Pamilius-Frohmut-Eulenspiegel-Band-2Des Erzkalfakters, Quadratschlankels und durchtriebenen Leutvexierers, Pamfilius Frohmut Eulenspiegel, des allbekannten, berüchtigten und weltverrufenen Till Eulenspiegel einzigen Sohnes pfiffigen Streiche, Ränke, Schwänke und lustige Possen als: Hendlschnipfer, Brotschwindler, Rahmkripfer, Fischdieb, Entenangler, Zigeuner-, Schneider- und Schusterlehrbua, Herzogslebensretter, Herold, Schatzgräber, magistratischer Bademeister, Hofnarr, Feldherr, frommer Pilger, glücklich dem Galgen entgangener Spieler usw.

Wohlfeiles Brot

Es kam eine harte Zeit, da wir einen ganzen Tag lang keinen Bissen Brot mehr hatten, und der Dorfbäcker uns nichts borgte, worüber die arme Mutter bitterlich weinte.

»Tröste dich, Mutter«, sagte ich zu ihr, »ich will jetzt Brot genug holen.

»Du hast ja kein Geld?«

»Ich brauche keines. Nur Geduld!« Ich warf einen Sack über meine Schulter und ging in ein Dorf, worin man mich nicht kannte. Am Fenster des Bäckerladens saß die Frau Meisterin und betrachtete mich lange, da ich einige Schritte davon so laut schluchzte, als ob es mir das Herz abstoße.

»Warum weinst du denn, Junge?«, fragte sie mitleidig.

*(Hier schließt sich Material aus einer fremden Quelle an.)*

(* [(a, b, t)] stands for the unitriangular matrix [[1, a, t], [0, 1, b], [0, 0, 1]]. *)
Definition heis_mul (g h : rat * rat * rat) : rat * rat * rat :=
  (g.1.1 + h.1.1, g.1.2 + h.1.2, g.2 + h.2 + g.1.1 * h.1.2).

Lemma heis_mulA : associative heis_mul.
Proof.
by move=> [[a1 b1] t1] [[a2 b2] t2] [[a3 b3] t3]; congr (_, _, _); rewrite /=; ring.
Qed.

Lemma heis_mul1g : left_id (0, 0, 0) heis_mul.
Proof. by move=> [[a b] t]; congr (_, _, _); rewrite /=; ring. Qed.

Lemma heis_mulg1 : right_id (0, 0, 0) heis_mul.
Proof. by move=> [[a b] t]; congr (_, _, _); rewrite /=; ring. Qed.

Lemma heis_commute g h :
  heis_mul g h = heis_mul h g <-> g.1.1 * h.1.2 = h.1.1 * g.1.2.
Proof.
case: g h => [[a1 b1] t1] [[a2 b2] t2]; rewrite /heis_mul /=; split.
- by case=> _ _; rewrite [t2 + t1]addrC => /addrI.
- by move=> E; congr (_, _, _); rewrite ?E; ring.
Qed.

Section Heisenberg.
Variables (V : finType) (e : rel V) (c d : V).
Hypotheses (e_sym : symmetric e) (cd : c != d) (ncd : ~~ e c d).

Definition heis_gen (p : V * bool) : rat * rat * rat :=
  ((p.1 == c)%:R * (-1) ^+ p.2, (p.1 == d)%:R * (-1) ^+ p.2, 0).

Definition heis_word (w : word V) : rat * rat * rat :=
  foldr (fun p g => heis_mul (heis_gen p) g) (0, 0, 0) w.

Lemma heis_word_cat s t : heis_word (s ++ t) = heis_mul (heis_word s) (heis_word t).
Proof. by elim: s => [|p s IH] /=; rewrite ?heis_mul1g // IH heis_mulA. Qed.

Lemma heis_word_exp_sum w : (heis_word w).1 = (exp_sum w c, exp_sum w d).
Proof.
elim: w => [|p w IH]; first by rewrite /exp_sum !big_nil.
by rewrite /= IH !exp_sum_cons.
Qed.

Lemma heis_word_raag_eq w w' : raag_eq e w w' -> heis_word w = heis_word w'.
Proof.
have cd0 (x y : V) : e x y -> (x == c)%:R * (y == d)%:R = 0 :> rat.
  move=> exy; case: (eqVneq x c) => [xc|_]; case: (eqVneq y d) => [yd|_];
    rewrite ?mulr0n ?mul0r ?mulr0 //.
  by move: ncd; rewrite -xc -yd exy.
elim=> [w0|w1 w2 _ IH|w1 w2 w3 _ IH1 _ IH2|l r x b|l r x y b b' exy].
- by [].
- by [].
- by rewrite IH1 IH2.
- rewrite !heis_word_cat; congr heis_mul; rewrite -[RHS]heis_mul1g; congr heis_mul.
  rewrite /= heis_mulg1 /heis_mul /= signrN !mulrN !addrN mulrACA.
  have -> : (x == c)%:R * (x == d)%:R = 0 :> rat.
    by case: (eqVneq x c) => [->|_]; rewrite ?(negbTE cd) ?mulr0n ?mul0r ?mulr0.
  by rewrite mul0r addr0.
- rewrite !heis_word_cat; congr heis_mul; congr heis_mul.
  have eyx : e y x by rewrite e_sym.
  rewrite /= !heis_mulg1; apply/heis_commute => /=.
  by rewrite mulrACA (cd0 _ _ exy) [RHS]mulrACA (cd0 _ _ eyx) !mul0r.
Qed.

Lemma raag_commute_exp_sum_minor p q : raag_eq e (p ++ q) (q ++ p) ->
  exp_sum p c * exp_sum q d = exp_sum p d * exp_sum q c.
Proof.
move=> /heis_word_raag_eq; rewrite !heis_word_cat => /heis_commute.
by rewrite !heis_word_exp_sum /= [RHS]mulrC.
Qed.

End Heisenberg.

Lemma leq_card_restriction_inj (V : finType) (S1 S2 : {set V}) (m : V -> V -> rat) :
  (forall lam : V -> rat,
     {in S2, forall t, \sum_(x in S1) lam x * m x t = 0} -> {in S1, forall x, lam x = 0}) ->
  (#|S1| <= #|S2|)%N.
Proof.
move=> inj.
pose A : 'M[rat]_(#|S1|, #|S2|) := \matrix_(i, j) m (enum_val i) (enum_val j).
suff /eqP <- : row_free A by exact: rank_leq_col.
apply/inj_row_free => l lA0; apply/rowP => i; rewrite mxE.
have S1i : enum_val i \in S1 := enum_valP i.
pose lam x := l 0 (enum_rank_in S1i x).
have := inj lam _ _ S1i; rewrite /lam enum_valK_in; apply=> t S2t.
transitivity ((l *m A) 0 (enum_rank_in S2t t)); last by rewrite lA0 mxE.
rewrite mxE big_enum_val.
apply: eq_bigr => j _.
by rewrite enum_valK_in mxE (enum_rankK_in S2t S2t).
Qed.

Lemma raag_aut_exp_sum_row_free (V : finType) (e : rel V) (F : V -> word V)
    (S : {set V}) (lam : V -> rat) :
  raag_aut e F -> (forall t, \sum_(x in S) lam x * exp_sum (F x) t = 0) ->
  {in S, forall x, lam x = 0}.
Proof.
move=> [_ Finj Fsurj] R0 x0 Sx0.
have /fin_all_exists [G FG] : forall x : V, exists w, raag_eq e (subst F w) [:: (x, false)].
  by move=> x; apply: Fsurj.
have GF x : raag_eq e (subst G (F x)) [:: (x, false)].
  by apply: Finj; rewrite subst_comp subst1; apply: subst_raag_eq_id.
have FG_inv x t : \sum_z exp_sum (F x) z * exp_sum (G z) t = (x == t)%:R.
  by rewrite -exp_sum_subst (exp_sum_raag_eq (GF x)) exp_sum1.
have : \sum_t (\sum_(x in S) lam x * exp_sum (F x) t) * exp_sum (G t) x0 = 0.
  by rewrite big1 // => t _; rewrite R0 mul0r.
under eq_bigr => t _ do rewrite mulr_suml.
rewrite exchange_big /=.
under eq_bigr => x _ do rewrite -(eq_bigr _ (fun t _ => mulrA _ _ _)) -mulr_sumr FG_inv.
rewrite (bigD1 x0) //= eqxx mulr1 big1 ?addr0 // => x /andP[_ /negbTE ->].
by rewrite mulr0.
Qed.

»Ich sollte bei Euch für 6 Groschen Brot holen, da ihr das beste Brot in der ganzen Gegend habt. Meine Hosentasche hat aber ein Loch, was ich nicht wusste, und so habe ich die 6 Groschen verloren. Daraus machen sich Vater und Mutter freilich nichts, aber dafür, dass ich kein Brot mitbringe, auf welches sich beide schon freuen, werde ich Prügel genug bekommen, wenn ihr nicht so christlich seid, mir das Brot zu borge, und Euren Lehrbuben mitzugeben, der dann von der Mutter die 6 Groschen und noch überdies ein Trinkgeld erhalten wird.«

»Wer und wo sind denn deine Eltern?«

»Schneiderseheleute in Masching, nur drei Viertelstunden von hier, wo sie sich erst in der vorigen Woche ein Anwesen mit einem Pferd und sechs Kühen gekauft haben, denn der Vater fährt zweimal in der Woche als Milchweib in die Stadt.«

Ich sagte dies so ernsthaft, dass die Bäckerin lachen musste. Sie zählte mir die Brotlaibe in den Sack.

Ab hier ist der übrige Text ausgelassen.